NVIDIA, HKU, and MIT Launch Fast-dLLM v2: 2.5× End-to-End Throughput Boost

NVIDIA, HKU, and MIT Launch Fast-dLLM v2: 2.5× End-to-End Throughput Boost

Autoregressive (AR) LLMs vs. Diffusion LLMs (dLLM)

Autoregressive (AR) large language models generate output sequentially, token-by-token, which limits inference efficiency.

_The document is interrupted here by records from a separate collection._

Lemma card_nonroots_ge A (p : {poly F}) k : p != 0 -> (size p <= k.+1)%N ->
  (#|A| - k <= #|[set a in A | p.[a] != 0%R]|)%N.
Proof.
move=> p0 sp.
have roots_le : (#|[set a in A | root p a]| <= k)%N.
  rewrite cardE -ltnS; apply: leq_trans sp.
  apply: max_poly_roots => //; last exact: enum_uniq.
  by apply/allP => a; rewrite mem_enum inE => /andP[].
rewrite -(cardsID [set a | root p a] A) leq_subLR leq_add //.
  rewrite (leq_trans _ roots_le) // subset_leq_card //.
  by apply/subsetP => a; rewrite !inE.
by rewrite subset_leq_card //; apply/subsetP => a; rewrite !inE andbC.
Qed.

(* Pairing v against the polynomial vanishing on supp v \ {b0} isolates v b0. *)
Lemma moments_eq0 A v k :
  (forall j, (j < k)%N -> \sum_(a in A) v a * a ^+ j = 0) ->
  (#|[set a in A | v a != 0%R]| <= k)%N -> {in A, forall a, v a = 0}.
Proof.
move=> moments0 supp_le b0 Ab0; apply: contraTeq isT => vb0.
set B := [set a in A | v a != 0] :\ b0.
pose p := \prod_(b <- enum B) ('X - b%:P).
have sp : (size p <= k)%N.
  rewrite size_prod_XsubC -cardE; apply: leq_trans supp_le.
  by rewrite (cardsD1 b0 [set a in A | v a != 0]) !inE Ab0 vb0.
have pb0 : p.[b0] != 0.
  rewrite horner_prod prodf_seq_neq0; apply/allP => b; rewrite mem_enum !inE.
  by rewrite hornerXsubC subr_eq0 eq_sym => /andP[].
have : \sum_(a in A) v a * p.[a] = 0.
  under eq_bigr do rewrite horner_coef big_distrr.
  rewrite exchange_big big1 //= => j _.
  under eq_bigr do rewrite mulrCA.
  by rewrite -big_distrr moments0 ?(leq_trans (ltn_ord j) sp) //; apply: mulr0.
move=> /eqP; rewrite (bigD1 b0) //= big1 ?addr0 => [|a /andP[Aa ab0]].
  by rewrite mulf_eq0 (negbTE pb0) (negbTE vb0).
have [-> | va0] := eqVneq (v a) 0; first by rewrite mul0r.
apply/eqP; rewrite mulf_eq0 horner_prod prodf_seq_eq0; apply/orP; right.
apply/hasP; exists a; first by rewrite mem_enum !inE ab0 Aa va0.
by rewrite hornerXsubC subrr eqxx.
Qed.

Lemma exists_moment_neq0 A v : (exists2 b, b \in A & v b != 0) ->
  exists2 j, (j < #|A|)%N & \sum_(a in A) v a * a ^+ j != 0.
Proof.
move=> [b A_b v_b]; have [/existsP[j mj] | /existsPn moments0] :=
  boolP [exists j : 'I_#|A|, \sum_(a in A) v a * a ^+ j != 0]; first by exists j.
suff /(_ b A_b) /eqP : {in A, forall a, v a = 0} by rewrite (negbTE v_b).
apply: (@moments_eq0 _ _ #|A|) => [j j_lt|].
  by apply/eqP; have := moments0 (Ordinal j_lt); rewrite negbK.
by apply/subset_leq_card/subsetP => a; rewrite inE => /andP[].
Qed.

End Univariate.

Section Grid.
Variables (F : finFieldType) (m : nat).
Local Notation point := {ffun 'I_m -> F}.
Implicit Types (S : 'I_m -> {set F}) (i : 'I_m).

Definition pin S i (a0 : F) : 'I_m -> {set F} :=
  fun t => if t == i then [set a0] else S t.

Lemma pin_neq0 S i a0 : (forall t, S t != set0) -> forall t, pin S i a0 t != set0.
Proof.
move=> S_neq0 t; rewrite /pin; case: (t =P i) => // _.
by apply/set0Pn; exists a0; rewrite inE.
Qed.

Lemma sum_card_pin S i a0 : (1 < #|S i|)%N ->
  (\sum_t #|pin S i a0 t| < \sum_t #|S t|)%N.
Proof.
move=> S_i_gt1; rewrite (bigD1 i) // [X in (_ < X)%N](bigD1 i) //= /pin eqxx cards1.
by rewrite -addSn leq_add // eq_leq //; apply: eq_bigr => t /negbTE ->.
Qed.

Lemma grid_ind (P : ('I_m -> {set F}) -> Prop) :
  (forall S, (forall t, #|S t| = 1%N) -> P S) ->
  (forall S i a0, a0 \in S i -> P (pin S i a0) -> P S) ->
  forall S, (forall t, S t != set0) -> P S.
Proof.
move=> Pbase Pstep S; move Hn: (\sum_t #|S t|)%N => n.
elim/ltn_ind: n S Hn => n IH S Hn S_neq0; subst n.
have [/existsP[i S_i_gt1] | /existsPn S_le1] := boolP [exists t, 1 < #|S t|]%N.
  have /set0Pn[a0 S_i_a0] := S_neq0 i.
  apply: (Pstep _ _ _ S_i_a0).
  exact: IH (sum_card_pin a0 S_i_gt1) _ erefl (pin_neq0 i a0 S_neq0).
apply: Pbase => t; apply/eqP; rewrite eqn_leq card_gt0 S_neq0 andbT.
by rewrite leqNgt S_le1.
Qed.

Lemma grid_fupd_pin S i a0 (x : point) a : a0 \in S i ->
  (x i == a0) && (fupd x i a \in grid S) = (a \in S i) && (x \in grid (pin S i a0)).
Proof.
move=> S_i_a0; rewrite /grid !inE /pin.
apply/andP/andP => [[/eqP x_i /forallP x_S] | [S_i_a /forallP x_S]].
  split; first by have := x_S i; rewrite fupd_eq.
  apply/forallP => t; case: eqP => [->|/eqP t_i]; first by rewrite x_i inE.
  by have := x_S t; rewrite fupd_neq.
split; first by have := x_S i; rewrite eqxx inE.
apply/forallP => t; case: (t =P i) => [->|/eqP t_i]; first by rewrite fupd_eq.
by rewrite fupd_neq //; have := x_S t; rewrite (negbTE t_i).
Qed.

Lemma big_grid_pin (R : Type) (idx : R) (op : Monoid.com_law idx)
    S i a0 (G : point -> R) : a0 \in S i ->
  \big[op/idx]_(x in grid S) G x =
  \big[op/idx]_(a in S i) \big[op/idx]_(x in grid (pin S i a0)) G (fupd x i a).
Proof.
move=> S_i_a0; rewrite (big_ffun_coord _ i a0) [RHS]big_mkcond /=.
apply: eq_bigr => a _; under eq_bigl => x do rewrite grid_fupd_pin //.
by case: (a \in S i) => /=; rewrite ?big_pred0_eq.
Qed.

Definition wt S (f : point -> F) : nat := #|[set x in grid S | f x != 0]|.

Lemma wt_pin_ge S i a0 (f g : point -> F) k : a0 \in S i ->
  (forall x, x \in grid (pin S i a0) -> g x != 0 ->
     (k <= #|[set a in S i | f (fupd x i a) != 0%R]|)%N) ->
  (k * wt (pin S i a0) g <= wt S f)%N.
Proof.
move=> S_i_a0 fibre_ge; rewrite /wt -!sum_nat_card (big_grid_pin _ _ S_i_a0).
rewrite exchange_big big_distrr /=; apply: leq_sum => x x_pin.
case: (boolP (g x != 0)) => [/(fibre_ge _ x_pin) | _]; last by rewrite muln0.
by rewrite muln1 sum_nat_card.
Qed.

End Grid.

Section Monomials.
Variables (F : finFieldType) (m : nat).
Local Notation point := {ffun 'I_m -> F}.
Local Notation monom := (monom F m).
Implicit Types (S : 'I_m -> {set F}) (i : 'I_m) (e : monom) (x : point).

Definition exp0 : 'I_#|F| := Ordinal (ltnW (card_finNzRing_gt1 F)).

Definition mono e x : F := \prod_t x t ^+ e t.

Lemma mono_fupd e x i (k : 'I_#|F|) a : e i = 0%N :> nat ->
  mono (fupd e i k) (fupd x i a) = a ^+ k * mono e x.
Proof.
move=> e_i; rewrite /mono (bigD1 i) // [in RHS](bigD1 i) //= e_i mul1r !fupd_eq.
by congr (_ * _); apply: eq_bigr => t t_i; rewrite !fupd_neq.
Qed.

Lemma Delta_pin_exp0 S i a0 e : e \in Delta (pin S i a0) -> e i = 0%N :> nat.
Proof. by rewrite inE => /forallP/(_ i); rewrite /pin eqxx cards1 ltnS leqn0 => /eqP. Qed.

Lemma fupd_Delta_pin S i a0 e (k : 'I_#|F|) : e i = 0%N :> nat ->
  (fupd e i k \in Delta S) = (k < #|S i|)%N && (e \in Delta (pin S i a0)).
Proof.
move=> e_i; rewrite !inE /pin; apply/forallP/andP => [e_S | [k_lt /forallP e_S] t].
  split; first by have := e_S i; rewrite fupd_eq.
  apply/forallP => t; case: (t =P i) => [->|/eqP t_i]; first by rewrite e_i cards1.
  by have := e_S t; rewrite fupd_neq.
case: (t =P i) => [->|/eqP t_i]; first by rewrite fupd_eq.
by rewrite fupd_neq //; have := e_S t; rewrite (negbTE t_i).
Qed.

Lemma Dw_fupd S i a0 e (k : 'I_#|F|) : e i = 0%N :> nat ->
  Dw S (fupd e i k) = ((#|S i| - k) * Dw (pin S i a0) e)%N.
Proof.
move=> e_i; rewrite /Dw (bigD1 i) //= [in RHS](bigD1 i) //= /pin eqxx cards1 e_i.
rewrite fupd_eq mul1n; congr (_ * _)%N; apply: eq_bigr => t t_i.
by rewrite fupd_neq // (negbTE t_i).
Qed.

Lemma Dw_gt0 S e : e \in Delta S -> (0 < Dw S e)%N.
Proof. by rewrite inE => /forallP e_S; rewrite prodn_gt0 // => t; rewrite subn_gt0. Qed.

Lemma Dperp_fupd i e (k : 'I_#|F|) : e i = 0%N :> nat ->
  Dperp (fupd e i k) = (k.+1 * Dperp e)%N.
Proof.
move=> e_i; rewrite /Dperp (bigD1 i) //= [in RHS](bigD1 i) //= e_i fupd_eq addn1.
by rewrite add0n mul1n; congr (_ * _)%N; apply: eq_bigr => t t_i; rewrite fupd_neq.
Qed.

End Monomials.

Section Footprint.
Variables (F : finFieldType) (m : nat).
Local Notation point := {ffun 'I_m -> F}.
Local Notation monom := (monom F m).
Implicit Types (S : 'I_m -> {set F}) (i : 'I_m) (e : monom) (x : point).
Implicit Types (c : monom -> F).

Lemma grid_pick S : (forall t, S t != set0) ->
  [ffun t => odflt 0 [pick a in S t]] \in grid S.
Proof.
move=> S_neq0; rewrite inE; apply/forallP => t; rewrite ffunE.
case: pickP => //= S_t0; have /set0Pn[a S_t_a] := S_neq0 t.
by have := S_t0 a; rewrite S_t_a.
Qed.

Lemma Delta_card1 S e : (forall t, #|S t| = 1%N) -> e \in Delta S -> e = [ffun=> exp0 F].
Proof.
move=> S_1 /[!inE] /forallP e_S; apply/ffunP => t; apply: val_inj.
by apply/eqP; rewrite ffunE /= -leqn0 -ltnS -(S_1 t).
Qed.

Definition ev c x : F := \sum_e c e * mono e x.

Definition slice c i (k : 'I_#|F|) e : F :=
  if e i == exp0 F then c (fupd e i k) else 0.

Lemma ev_fupd c i x a :
  ev c (fupd x i a) = \sum_(k < #|F|) ev (slice c i k) x * a ^+ k.
Proof.
rewrite /ev (big_ffun_coord _ i (exp0 F)); apply: eq_bigr => k _.
rewrite mulr_suml big_mkcond; apply: eq_bigr => e _; rewrite andbT /slice.
case: eqP => [e_i|_]; last by rewrite !mul0r.
by rewrite mono_fupd ?e_i // mulrCA mulrC.
Qed.

Lemma card_fibre_ev_ge S i c (K : 'I_#|F|) x :
  (forall e, c e != 0 -> (e i <= K)%N) -> ev (slice c i K) x != 0 ->
  (#|S i| - K <= #|[set a in S i | ev c (fupd x i a) != 0%R]|)%N.
Proof.
move=> deg_le ev_K.
pose p := \poly_(j < #|F|) ev (slice c i (insubd (exp0 F) j)) x.
have p_ev a : p.[a] = ev c (fupd x i a).
  by rewrite horner_poly ev_fupd; apply: eq_bigr => k _; rewrite valKd.
have p_neq0 : p != 0.
  apply: contraNneq ev_K => /(congr1 (fun q : {poly F} => q`_K)).
  by rewrite coef_poly ltn_ord valKd coef0 => ->.
have size_p : (size p <= K.+1)%N.
  apply/leq_sizeP => j K_lt_j; rewrite coef_poly; case: ifP => // j_lt.
  rewrite /ev big1 // => e _; rewrite /slice; case: eqP => _; last by rewrite mul0r.
  have [-> | c_e] := eqVneq (c (fupd e i (insubd (exp0 F) j))) 0; first by rewrite mul0r.
  by have := deg_le _ c_e; rewrite fupd_eq val_insubd j_lt leqNgt K_lt_j.
by under eq_finset => a do rewrite -p_ev; apply: card_nonroots_ge.
Qed.

Definition footprint_bound S := forall c,
  (forall e, c e != 0 -> e \in Delta S) -> (exists e, c e != 0) ->
  exists2 e, c e != 0 & (Dw S e <= wt S (ev c))%N.

Lemma footprint_bound_card1 S : (forall t, #|S t| = 1%N) -> footprint_bound S.
Proof.
move=> S_1 c c_Delta [e1 c_e1]; exists e1 => //.
have S_neq0 t : S t != set0 by rewrite -card_gt0 S_1.
have e1_0 := Delta_card1 S_1 (c_Delta _ c_e1).
have -> : Dw S e1 = 1%N by rewrite /Dw big1 // => t _; rewrite e1_0 ffunE S_1.
apply/card_gt0P; exists [ffun t => odflt 0 [pick a in S t]].
rewrite inE grid_pick //= /ev (bigD1 e1) //= big1 ?addr0 => [|e e_e1].
  by rewrite /mono big1 ?mulr1 // => t _; rewrite e1_0 !ffunE expr0.
have [-> | c_e] := eqVneq (c e) 0; first by rewrite mul0r.
by case/eqP: e_e1; rewrite e1_0 (Delta_card1 S_1 (c_Delta _ c_e)).
Qed.

Lemma footprint_bound_pin S i a0 : a0 \in S i ->
  footprint_bound (pin S i a0) -> footprint_bound S.
Proof.
move=> S_i_a0 IH c c_Delta [e0 c_e0].
have [eK c_eK K_max] :=
  @arg_maxnP _ e0 (fun e => c e != 0) (fun e => nat_of_ord (e i)) c_e0.
set K := eK i.
have slice_Delta e : slice c i K e != 0 -> e \in Delta (pin S i a0).
  rewrite /slice; case: (e i =P exp0 F) => [e_i /c_Delta | _]; last by rewrite eqxx.
  by rewrite (fupd_Delta_pin _ a0) ?e_i // => /andP[].
have slice_neq0 : exists e, slice c i K e != 0.
  by exists (fupd eK i (exp0 F)); rewrite /slice fupd_eq eqxx fupd_fupd fupd_id.
have [e' c_e' Dw_e'] := IH _ slice_Delta slice_neq0.
move: c_e'; rewrite /slice; case: (e' i =P exp0 F) => [e'_i c_e'|_]; last by rewrite eqxx.
exists (fupd e' i K) => //.
rewrite (Dw_fupd _ a0) ?e'_i //; apply: leq_trans (leq_mul (leqnn _) Dw_e') _.
by apply: wt_pin_ge => // x _; apply: card_fibre_ev_ge => e /K_max.
Qed.

Theorem footprint S : (forall t, S t != set0) -> footprint_bound S.
Proof.
apply: grid_ind; first exact: footprint_bound_card1.
exact: footprint_bound_pin.
Qed.

End Footprint.

Section DualFootprint.
Variables (F : finFieldType) (m : nat).
Local Notation point := {ffun 'I_m -> F}.
Local Notation monom := (monom F m).
Implicit Types (S : 'I_m -> {set F}) (i : 'I_m) (e : monom) (x : point).
Implicit Types (u : point -> F).

Definition ip S u e : F := \sum_(x in grid S) u x * mono e x.

Definition moment (A : {set F}) u i (k : nat) x : F :=
  \sum_(a in A) u (fupd x i a) * a ^+ k.

Lemma ip_fupd S i a0 u e (k : 'I_#|F|) : a0 \in S i -> e i = 0%N :> nat ->
  ip S u (fupd e i k) = ip (pin S i a0) (moment (S i) u i k) e.
Proof.
move=> S_i_a0 e_i; rewrite /ip (big_grid_pin _ _ S_i_a0) exchange_big /=.
apply: eq_bigr => x _; rewrite mulr_suml; apply: eq_bigr => a _.
by rewrite mono_fupd // mulrA.
Qed.

Definition dual_footprint_bound S := forall u,
  (exists2 x, x \in grid S & u x != 0) ->
  exists e, [/\ e \in Delta S, ip S u e != 0 & (Dperp e <= wt S u)%N].

Lemma dual_footprint_bound_card1 S : (forall t, #|S t| = 1%N) -> dual_footprint_bound S.
Proof.
move=> S_1 u [x x_S u_x]; exists [ffun=> exp0 F]; split.
- by rewrite inE; apply/forallP => t; rewrite ffunE S_1.
- rewrite /ip (bigD1 x) //= big1 ?addr0 => [|y /andP[y_S y_x]].
    by rewrite /mono big1 ?mulr1 // => t _; rewrite ffunE expr0.
  case/eqP: y_x; apply/ffunP => t; move: x_S y_S; rewrite !inE.
  move=> /forallP/(_ t) x_t /forallP/(_ t) y_t.
  have /card_le1_eqP : (#|S t| <= 1)%N by rewrite S_1.
  by apply.
- rewrite /Dperp big1 => [|t _]; last by rewrite ffunE.
  by apply/card_gt0P; exists x; rewrite inE x_S.
Qed.

Lemma dual_footprint_bound_pin S i a0 : a0 \in S i ->
  dual_footprint_bound (pin S i a0) -> dual_footprint_bound S.
Proof.
move=> S_i_a0 IH u [x x_S u_x].
pose P k := [exists y in grid (pin S i a0), moment (S i) u i k y != 0].
have [j j_lt Pj] : exists2 j, (j < #|S i|)%N & P j.
  have y_pin : fupd x i a0 \in grid (pin S i a0).
    have := grid_fupd_pin (fupd x i a0) (x i) S_i_a0.
    by rewrite fupd_eq eqxx fupd_fupd fupd_id x_S => /esym/andP[].
  have [|j j_lt mj] := @exists_moment_neq0 _ (S i) (fun a => u (fupd (fupd x i a0) i a)).
    exists (x i); last by rewrite fupd_fupd fupd_id.
    by move: x_S; rewrite inE => /forallP.
  by exists j => //; apply/exists_inP; exists (fupd x i a0).
have [k Pk k_min] := ex_minnP (ex_intro P j Pj).
have k_lt : (k < #|F|)%N := leq_ltn_trans (k_min j Pj) (leq_trans j_lt (max_card _)).
have [|e' [e'_Delta ip_e' Dperp_e']] := IH (moment (S i) u i k).
  by case/exists_inP: Pk => y; exists y.
have e'_i := Delta_pin_exp0 e'_Delta.
exists (fupd e' i (Ordinal k_lt)); split.
- by rewrite (fupd_Delta_pin _ a0) // e'_Delta andbT (leq_ltn_trans (k_min j Pj)).
- by rewrite (ip_fupd _ _ S_i_a0).
rewrite Dperp_fupd //; apply: leq_trans (leq_mul (leqnn _) Dperp_e') _.
apply: wt_pin_ge => // y y_pin m_k; rewrite ltnNge; apply: contraNN m_k => supp_le.
rewrite /moment big1 // => a S_i_a.
rewrite (moments_eq0 _ supp_le S_i_a) ?mul0r // => l l_lt.
apply/eqP; apply: contraTT l_lt => m_l; rewrite -leqNgt k_min //.
by apply/exists_inP; exists y.
Qed.
(* For sufficiently large $n$, every integer $k \ge 4\log_2 n+2$, and every tournament $T_k$ on $k$ vertices, Breaker has a winning strategy in the $(2:1)$ Maker–Breaker game $\mathcal{H}(T_k,n)$.
   Context: The game $\mathcal{H}(T_k,n)=(X,\mathcal{F}(T_k))$ has board $X=\{(u,v): u,v\in V(K_n),\ u\ne v\}$, the set of all $n(n-1)$ ordered pairs of distinct vertices. Its winning sets are $\mathcal{F}(T_k)=\{S\subseteq X : S \text{ is (the arc set of) a copy of } T_k\}$. In the $(2:1)$ Maker–Breaker game on $(X,\mathcal{F})$, the players alternately claim unclaimed elements of $X$, Maker claiming $2$ elements per round and Breaker $1$ element per round. Maker wins if she claims all elements of some winning set; otherwise Breaker wins. A tournament is a digraph with exactly one directed edge between each pair of distinct vertices. *)

From mathcomp Require Import all_boot.
Set Implicit Arguments.
Unset Strict Implicit.
Unset Printing Implicit Defensive.

(* A position is the pair
   (M, B) of the sets claimed by Maker and by Breaker.  The game ends when the board is fully claimed; Maker wins iff
   she has claimed all elements of some winning set (since Maker's set only
   grows, it suffices to check this at the end). *)
Section MBGame.
Variables (X : finType) (D : {set X}) (F : {set {set X}}) (a b : nat).

Definition free (M B : {set X}) : {set X} := D :\: (M :|: B).

Definition maker_has_won (M : {set X}) : bool :=
  [exists W in F, W \subset M].

(* breaker_wins_M M B : from position (M,B) with Maker to move, Breaker has a
   strategy guaranteeing Maker never claims a winning set.
   breaker_wins_B M B : same, with Breaker to move. *)
Inductive breaker_wins_M : {set X} -> {set X} -> Prop :=
| bwM_end M B :
    free M B = set0 -> ~~ maker_has_won M -> breaker_wins_M M B
| bwM_step M B :
    free M B != set0 ->
    (forall S : {set X}, S \subset free M B -> #|S| = minn a #|free M B| ->
        breaker_wins_B (M :|: S) B) ->
    breaker_wins_M M B
with breaker_wins_B : {set X} -> {set X} -> Prop :=
| bwB_end M B :
    free M B = set0 -> ~~ maker_has_won M -> breaker_wins_B M B
| bwB_step M B :
    free M B != set0 ->
    (exists2 S : {set X}, S \subset free M B & #|S| = minn b #|free M B| /\
        breaker_wins_M M (B :|: S)) ->
    breaker_wins_B M B.
Lemma mirror_spec v : in_interval u w v ->
  [/\ in_interval u w (mirror v), mirror (mirror v) = v &
      rho (mirror v) + rho v = rho u + rho w].
Proof.
move=> v_in; have [Hz can_z] := canonical_witnessP v_in.
have Emirror := val_mirror v_in.
have mirror_in : in_interval u w (mirror v) := toggle_in_interval v_in Hz Emirror.
split=> //; last exact: rho_toggle v_in Hz can_z Emirror.
have [Hz' can_z'] := canonical_witnessP mirror_in.
have Hz_mirror : interleaving (val u) (val (mirror v)) (val w) (canonical_witness v).
  by rewrite Emirror; apply: toggle_interleaving.
have uniq_of z : interleaving (val u) (val (mirror v)) (val w) z -> uniq z.
  by move=> /(interleaving_shuffle (valP u) (valP w)) /and3P[].
have same_witness : canonical_witness (mirror v) = canonical_witness v.
  have [[zu1 zv1 zw1 from1] [zu2 zv2 zw2 from2]] := (Hz', Hz_mirror).
  apply: (canonical_unique (u := val u) (w := val w) (v := val (mirror v))) => //;
    try exact: uniq_of.
  - by rewrite zu1 zu2.
  - by rewrite zv1 zv2.
  - by rewrite zw1 zw2.
  - by rewrite Emirror; apply: canonical_toggle.
apply: val_inj; rewrite (val_mirror mirror_in) same_witness Emirror toggleK //.
by case: Hz.
Qed.

End Involution.

Lemma involution_level_bijection (T : Type) (P : T -> Prop) (r : T -> nat) (f : T -> T) a b i :
  (forall t, P t -> [/\ P (f t), f (f t) = t & r (f t) + r t = a + b]) ->
  exists g : {t | P t /\ r t = a + i} -> {t | P t /\ r t + i = b}, bijective g.
Proof.
move=> f_inv.
have fwd (t : {t | P t /\ r t = a + i}) : P (f (sval t)) /\ r (f (sval t)) + i = b.
  by case: t => t [Pt rt] /=; have [? _ ?] := f_inv t Pt; split=> //; lia.
have bwd (t : {t | P t /\ r t + i = b}) : P (f (sval t)) /\ r (f (sval t)) = a + i.
  by case: t => t [Pt rt] /=; have [? _ ?] := f_inv t Pt; split=> //; lia.
exists (fun t => exist _ (f (sval t)) (fwd t)), (fun t => exist _ (f (sval t)) (bwd t)).
all: move=> [t [Pt rt]]; apply: eq_sig_hprop => [? ? ?|/=]; first exact: proof_irrelevance.
all: by have [_ -> _] := f_inv t Pt.
Qed.
Lemma cdotZr a u w : cdot w (a *: u) = a * cdot w u.
Proof. by rewrite /cdot -scalemxAr mxE. Qed.

Lemma conj_cdot u v : (cdot u v)^* = cdot v u.
Proof.
rewrite !cdotE rmorph_sum; apply: eq_bigr => i _.
by rewrite rmorphM /= conjCK mulrC.
Qed.

Lemma cdot_ge0 u : 0 <= cdot u u.
Proof. by rewrite cdotE sumr_ge0 // => i _; rewrite mulrC mul_conjC_ge0. Qed.

Lemma cdot_eq0 u : (cdot u u == 0) = (u == 0).
Proof.
apply/idP/eqP => [|->]; last by rewrite /cdot mulmx0 mxE.
rewrite cdotE psumr_eq0 => [/allP u0|i _]; last by rewrite mulrC mul_conjC_ge0.
apply/matrixP=> i j; rewrite ord1 mxE.
by apply/eqP; rewrite -mul_conjC_eq0 mulrC; apply: u0; rewrite mem_index_enum.
Qed.

Lemma vnormE u : vnorm u = sqrtC (cdot u u).
Proof. by rewrite /vnorm cdotE; congr sqrtC; apply: eq_bigr => i _; rewrite normCK mulrC. Qed.

Lemma vnorm_sqr u : vnorm u ^+ 2 = cdot u u.
Proof. by rewrite vnormE sqrtCK. Qed.

Lemma vnorm_ge0 u : 0 <= vnorm u.
Proof. by rewrite vnormE sqrtC_ge0 cdot_ge0. Qed.

Lemma vnorm_eq1 u : (vnorm u = 1) <-> (cdot u u = 1).
Proof.
rewrite vnormE; split => [/(congr1 (fun x => x ^+ 2))|->].
  by rewrite sqrtCK expr1n.
by rewrite sqrtC1.
Qed.

Lemma cdot_cauchy_schwarz u v : `|cdot u v| <= vnorm u * vnorm v.
Proof.
have dotE u' v' : cdot u' v' = dotmx v'^T u'^T.
  by rewrite dotmxE cdotE mxE; apply: eq_bigr => i _; rewrite !mxE mulrC.
rewrite !vnormE !dotE mulrC.
exact: (CauchySchwarz_sqrt (@dotmx C n) v^T u^T).1.
Qed.

End InnerProduct.

Lemma cdot_mulmxl (C : numClosedFieldType) m n (M : 'M[C]_(m, n)) u v :
  cdot (M *m u) v = cdot u (adjmx M *m v).
Proof. by rewrite /cdot adjmxM mulmxA. Qed.

Lemma cdot_unitary (C : numClosedFieldType) m n (U : 'M[C]_(m, n)) (y : 'cV[C]_n) :
  adjmx U *m U = 1%:M -> cdot (U *m y) (U *m y) = cdot y y.
Proof. by move=> UU; rewrite cdot_mulmxl mulmxA UU mul1mx. Qed.

Lemma vnorm_unitary (C : numClosedFieldType) m n (U : 'M[C]_(m, n)) (y : 'cV[C]_n) :
  adjmx U *m U = 1%:M -> vnorm (U *m y) = vnorm y.
Proof. by move=> UU; rewrite !vnormE cdot_unitary. Qed.

Section Hermitian.
Variables (C : numClosedFieldType) (n : nat).
Implicit Types (M Q W : 'M[C]_n) (u v : 'cV[C]_n).

Definition herm M := adjmx M = M.
Definition psd M := forall x, 0 <= cdot x (M *m x).

Lemma cdot_herm M u v : herm M -> cdot u (M *m v) = cdot (M *m u) v.
Proof. by move=> hM; rewrite cdot_mulmxl hM. Qed.

Lemma conj_cdot_herm M u : herm M -> (cdot u (M *m u))^* = cdot u (M *m u).
Proof. by move=> hM; rewrite conj_cdot cdot_herm. Qed.

Lemma herm_congr Q M : herm Q -> herm (adjmx M *m Q *m M).
Proof. by move=> hQ; rewrite /herm !adjmxM adjmxK hQ mulmxA. Qed.

Lemma psd_congr Q M : psd Q -> psd (adjmx M *m Q *m M).
Proof. by move=> pQ x; rewrite -!mulmxA -cdot_mulmxl pQ. Qed.

Lemma herm_gram r (B : 'M[C]_(n, r)) : herm (B *m adjmx B).
Proof. by rewrite /herm adjmxM adjmxK. Qed.

Lemma psd_gram r (B : 'M[C]_(n, r)) : psd (B *m adjmx B).
Proof. by move=> x; rewrite -mulmxA -{1}(adjmxK B) -cdot_mulmxl cdot_ge0. Qed.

Diffusion-type LLMs (dLLM) allow parallel generation, but traditionally struggle with:

  • KV cache reuse
  • Variable-length generation
  • Consistently outperforming AR in quality

---

Fast-dLLM v2 — Pragmatic Parallel Decoding

Fast-dLLM v2 adapts a pre-trained AR model into a Block-dLLM with only ~1B tokens of fine-tuning, enabling lossless migration.

Key benefits:

  • No need for massive datasets (Dream requires ~580B tokens)
  • Runs efficiently on A100/H100 GPUs
  • Up to 2.5× throughput boost without accuracy loss
image

📄 Resources:

---

Key Highlights

image

Minimal Data Adaptation

  • Only ~1B tokens of fine-tuning required
  • Works with existing AR models like Qwen2.5-Instruct 1.5B/7B
  • Avoids hundreds of billions of tokens needed by other approaches

AR-Friendly Architecture

  • Block-internal bidirectional attention + block-to-block causal attention
  • Preserves AR semantics, KV cache reuse, and variable-length generation
  • Uses complementary masking + token-shift for robust adaptation

Hierarchical Cache + Parallel Decoding

  • Block-level KV cache for efficiency
  • DualCache reduces redundant work during denoising/refinement
  • Confidence-thresholded parallel decoding boosts end-to-end speed

Large-Model Validation

  • At 7B scale, matches Qwen2.5-7B-Instruct quality
  • Throughput improvement: +2.54×

---

Methodology — From AR to Block Diffusion

image

1. Block Diffusion with AR-Friendly Attention

  • Split sequences into fixed-size blocks
  • Within-block: bidirectional attention → parallel denoising
  • Between-block: causal attention → preserves AR semantics
  • Complementary masking + token-shift → tokens learned in visible & masked states

2. Hierarchical Cache Structure

Block-Level Cache

  • Reuses KV for fully decoded blocks → native AR-style caching

DualCache (Sub-Block)

  • Stores prefix & suffix KV for partially decoded blocks
  • Avoids repeated computation during refinement cycles
image

3. Confidence-Aware Parallel Decoding

  • When confidence > threshold (e.g., 0.9), finalize multiple tokens at once
  • Low-confidence tokens → refined in later passes
  • Example (GSM8K):
  • Tokens/s: 39.1 → 101.7 (~2.6× speedup)
  • Accuracy impact: negligible

---

Practical Applications

Fast-dLLM v2 combines AR robustness with parallel efficiency, making it ideal for latency-sensitive workloads.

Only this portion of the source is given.